Regular Expressions


A regular expression, also known as a regex or regexp, is a string containing a search pattern. The regular expression language is a fairly standardized language for pattern-matching specifications. Other languages such as Perl and Ruby provide direct support for regular expressions. Programmers' editors such as TextPad and UltraEdit allow you to search file text using regular expressions. Java supplies a set of class libraries to allow you to take advantage of regular expressions.

You might have used a wildcard character ('*') to list files in a directory. Using the wildcard tells the ls or dir command to find all matching files, assuming that the * can expand into any character or sequence of characters. For example, the DOS command dir *.java lists every file with a .java extension.

The regular expression language is similar in concept but far more powerful. In this section, I'll introduce you to regular expressions using a few simple examples. I'll show you how to take advantage of regular expressions in your Java code. I'll suggest how you might approach testing Java code that uses regular expressions. But a complete discussion of regular expressions is way out of the scope of this book. Refer to the end of this section for a few sites that provide regular expression tutorials and information.

Splitting Strings

Back in Lesson 7, you used the String method split to break a full name into discrete name parts. You passed a String containing a single blank character to split:

 for (String name: fullName.split(" ")) 

The split method takes a regular expression as its sole argument.[1] The split method breaks the receiving string up when it encounters a match for the regular expression.

[1] An overloaded version of split takes a limit on the number of times the pattern is applied.

Suppose you try to split the string "Jeffrey Hyman"[2] with three spaces separating the first and last name.
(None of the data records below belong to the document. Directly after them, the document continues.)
Lemma modn_sub_add r z e : z < r -> e < r -> ((z + (r - e)) %% r + e) %% r = z.
Proof.
move=> zr er; rewrite modnDml (_ : z + (r - e) + e = z + r); last lia.
by rewrite -modnDmr modnn addn0 modn_small.
Qed.

Section ColoredWords.
Variable r : nat.
Implicit Types (p q : letter) (a b u w : seq letter).

Definition colored_word j w :=
  [&& size w == j, perm_eq (map fst w) (iota 1 j) & all (fun p => p.2 < r) w].

Lemma colored_word_size j w : colored_word j w -> size w = j.
Proof. by case/and3P => /eqP. Qed.

Lemma colored_word_value j w p : colored_word j w -> p \in w -> 0 < p.1 <= j.
Proof.
case/and3P => _ pf _ pin.
have : p.1 \in iota 1 j by rewrite -(perm_mem pf); apply: map_f.
by rewrite mem_iota; lia.
Qed.

Lemma colored_word_color j w p : colored_word j w -> p \in w -> p.2 < r.
Proof. by case/and3P => _ _ /allP H /H. Qed.

Lemma colored_word_bounded j w :
  colored_word j w -> all (fun p => (p.1 <= j) && (p.2 < r)) w.
Proof.
move=> vw; apply/allP => p pin.
by rewrite (colored_word_color vw pin) andbT; case/andP: (colored_word_value vw pin).
Qed.

Lemma colored_word_index_max j w : colored_word j.+1 w ->
  let c := index j.+1 (map fst w) in c < j.+1 /\ (nth letter0 w c).1 = j.+1.
Proof.
move=> vw c; have sz := colored_word_size vw; case/and3P: vw => _ pf _.
have jin : j.+1 \in map fst w by rewrite (perm_mem pf) mem_iota; lia.
have hc : c < size w by rewrite -(size_map fst) index_mem.
by rewrite -sz; split=> //; rewrite -(nth_map letter0 0) // nth_index.
Qed.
You want the results to be the strings "Jeffrey" and "Hyman", but a passing language test represents the actual results:

[2] Aka Joey Ramone. Gabba gabba hey.

 public void testSplit() {    String source = "Jeffrey   Hyman";    String expectedSplit[] = {"Jeffrey", "", "", "Hyman" };    assertTrue(       java.util.Arrays.equals(expectedSplit, source.split(" "))); } 

In other words, there are four substrings separated by spaces. Two of those substrings are the empty string (""): The first blank character separates "Jeffrey" from an empty string, the second blank character separates the first empty string from a second empty string, and the third blank character separates the second empty string from "Hyman".
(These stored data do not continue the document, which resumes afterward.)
Lemma sh_two_branch_ratio_attained f1 f2 d e s :
  strongly_hyperbolic f1 -> strongly_hyperbolic f2 -> 0 < d -> 0 < e -> 1 < s ->
  exists t, 0 < t < d /\ f1 t + f2 (d - t) = s * (f1 t - f1 (t + e)).
Proof.
  intros H1 H2 Hd He Hs.
  set (psi t := (s - 1) * f1 t - s * f1 (t + e) - f2 (d - t)).
  destruct (sh_large_near_0 f1 H1 ((s * f1 e + f2 (d / 2)) / (s - 1)) (d / 2))
    as [t0 [Ht0 Hft0]]; [lra|].
  assert (Hpsi0 : 0 < psi t0).
  { apply Rlt_div_l in Hft0; [|lra].
    pose proof (sh_decreasing f1 H1 e (t0 + e) He ltac:(lra)).
    pose proof (sh_decreasing f2 H2 (d / 2) (d - t0) ltac:(lra) ltac:(lra)).
    unfold psi. nra. }
  destruct (sh_large_near_0 f2 H2 ((s - 1) * f1 (d / 2)) (d / 2)) as [u [Hu Hfu]]; [lra|].
  assert (Hpsi1 : psi (d - u) < 0).
  { pose proof (sh_decreasing f1 H1 (d / 2) (d - u) ltac:(lra) ltac:(lra)).
    pose proof (sh_pos f1 H1 (d - u + e) ltac:(lra)).
    unfold psi. replace (d - (d - u)) with u by ring. nra. }
  destruct (IVT_pos_neg psi t0 (d - u)) as [t [Ht Ept]]; try lra.
  - intros t Ht. apply (@ex_derive_continuous R_AbsRing R_NormedModule). unfold psi.
    auto_derive.
    repeat split; [apply (sh_ex_derive f1 H1) .. | apply (sh_ex_derive f2 H2)]; lra.
  - exists t. split; [lra|]. unfold psi in Ept. lra.
Qed.

Definition fbar_through (f1 f2 : R -> R) (p1 p2 p3 : R * R) : Prop :=
  exists a b c, a > 0 /\ in_fbar f1 f2 a b c p1 /\
    in_fbar f1 f2 a b c p2 /\ in_fbar f1 f2 a b c p3.

Lemma fbar_through_swap12 f1 f2 p1 p2 p3 :
  fbar_through f1 f2 p1 p2 p3 -> fbar_through f1 f2 p2 p1 p3.
Proof. intros (a & b & c & H). exists a, b, c. tauto. Qed.

Lemma fbar_through_swap23 f1 f2 p1 p2 p3 :
  fbar_through f1 f2 p1 p2 p3 -> fbar_through f1 f2 p1 p3 p2.
Proof. intros (a & b & c & H). exists a, b, c. tauto. Qed.

Lemma in_fbar_right f1 f2 a b c x y :
  - b < x -> y = a * f1 (x + b) + c -> in_fbar f1 f2 a b c (x, y).
Proof.
  intros Hx Hy. unfold in_fbar, fabc; simpl. split; [lra|].
  destruct (Rlt_dec (- b) x); [exact Hy | lra].
Qed.

Lemma in_fbar_left f1 f2 a b c x y :
  x < - b -> y = - a * f2 (- x - b) + c -> in_fbar f1 f2 a b c (x, y).
Proof.
  intros Hx Hy. unfold in_fbar, fabc; simpl. split; [lra|].
  destruct (Rlt_dec (- b) x); [lra | exact Hy].
Qed.

Lemma in_fbar_reflect f1 f2 a b c x y :
  in_fbar f2 f1 a b c (- x, - y) -> in_fbar f1 f2 a (- b) (- c) (x, y).
Proof.
  unfold in_fbar, fabc; simpl. intros [Hx Hy]. split; [lra|].
  destruct (Rlt_dec (- b) (- x)), (Rlt_dec (- - b) x); try lra.
  - replace (- x - - b) with (- x + b) by ring. lra.
  - replace (x + - b) with (- - x - b) by ring. lra.
Qed.

Definition affine_pt (a b c : R) (p : R * R) : R * R := (fst p + b, a * snd p + c).

Lemma in_fbar_affine f1 f2 a b c a0 b0 c0 p : in_fbar f1 f2 a0 b0 c0 p ->
  in_fbar f1 f2 (a * a0) (b0 - b) (a * c0 + c) (affine_pt a b c p).
Proof.
  destruct p as [x y]. unfold in_fbar, fabc, affine_pt; simpl. intros [Hx Hy]. split; [lra|].
  destruct (Rlt_dec (- b0) x), (Rlt_dec (- (b0 - b)) (x + b)); try lra; rewrite Hy.
  - replace (x + b + (b0 - b)) with (x + b0) by ring. ring.
  - replace (- (x + b) - (b0 - b)) with (- x - b0) by ring. ring.
Qed.

Lemma fbar_through_affine f1 f2 a b c p1 p2 p3 : 0 < a ->
  fbar_through f1 f2 p1 p2 p3 ->
  fbar_through f1 f2 (affine_pt a b c p1) (affine_pt a b c p2) (affine_pt a b c p3).
Proof.
  intros Ha (a0 & b0 & c0 & Ha0 & H1 & H2 & H3).
  exists (a * a0), (b0 - b), (a * c0 + c).
  split; [apply Rmult_lt_0_compat; lra|]. split; [|split]; apply in_fbar_affine; assumption.
Qed.

Lemma affine_through3 u1 u2 u3 v1 v2 v3 r : u3 < u2 -> v3 < v2 ->
  u1 - u2 = r * (u2 - u3) -> v1 - v2 = r * (v2 - v3) ->
  exists a c, 0 < a /\ v1 = a * u1 + c /\ v2 = a * u2 + c /\ v3 = a * u3 + c.
Proof.
  intros H32 K32 Hu Hv.
  set (a := (v2 - v3) / (u2 - u3)).
  assert (Ea : a * (u2 - u3) = v2 - v3) by (unfold a; field; lra).
  assert (Ea1 : a * (u1 - u2) = v1 - v2) by (rewrite Hu, Hv, <- Ea; ring).
  exists a, (v2 - a * u2). split; [apply Rdiv_lt_0_compat; lra|]. lra.
Qed.

Definition hyp_pt (u : R) : R * R := (u, / u).

Lemma fbar_through_hyp_pos f1 f2 u1 u2 u3 : strongly_hyperbolic f1 ->
  0 < u1 -> u1 < u2 -> u2 < u3 ->
  fbar_through f1 f2 (hyp_pt u1) (hyp_pt u2) (hyp_pt u3).
Proof.
  intros H1 Hu1 H12 H23.
  assert (Hinv : / u3 < / u2 /\ / u2 < / u1) by (split; apply Rinv_lt_contravar; nra).
  set (r := (/ u1 - / u2) / (/ u2 - / u3)).
  destruct (sh_drop_ratio_attained f1 H1 (u2 - u1) (u3 - u2) r) as [t [Ht Et]]; try lra.
  { replace (r * (u3 - u2)) with ((u2 - u1) * (u3 / u1)) by (unfold r; field; lra).
    assert (1 < u3 / u1) by (apply Rlt_div_r; lra). nra. }
  destruct (affine_through3 (f1 t) (f1 (t + (u2 - u1))) (f1 (t + (u2 - u1) + (u3 - u2)))
    (/ u1) (/ u2) (/ u3) r) as (a & c & Ha & E1 & E2 & E3); try lra.
  { apply (sh_decreasing f1 H1); lra. }
  { unfold r. field. lra. }
  exists a, (t - u1), c. split; [lra|].
  split; [|split]; apply in_fbar_right; try lra.
  - replace (u1 + (t - u1)) with t by ring. exact E1.
  - replace (u2 + (t - u1)) with (t + (u2 - u1)) by ring. exact E2.
  - replace (u3 + (t - u1)) with (t + (u2 - u1) + (u3 - u2)) by ring. exact E3.
Qed.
You instead want to split the names around any groupings of whitespace characters. Using the Java API documentation for the class java util.regex.Pattern as your guide, you should be able to figure out that the construct \s matches a single whitespace character (tab, new line, form feed, space, or carriage return). Under the section Greedy Quantifiers in the API doc, you'll note that X+ means that a match is found when the construct X occurs at least one time.

Combining the two ideas, the regular expression string \s+ will match on sequences with one or more whitespace characters.

I've moved the name-splitting code from the Student class and into a class called sis.studentinfo.Name. You can find the complete code for NameTest and Name at http://www.LangrSoft.com/agileJava/code. The listings below of NameTest and Name show only relevant or new material.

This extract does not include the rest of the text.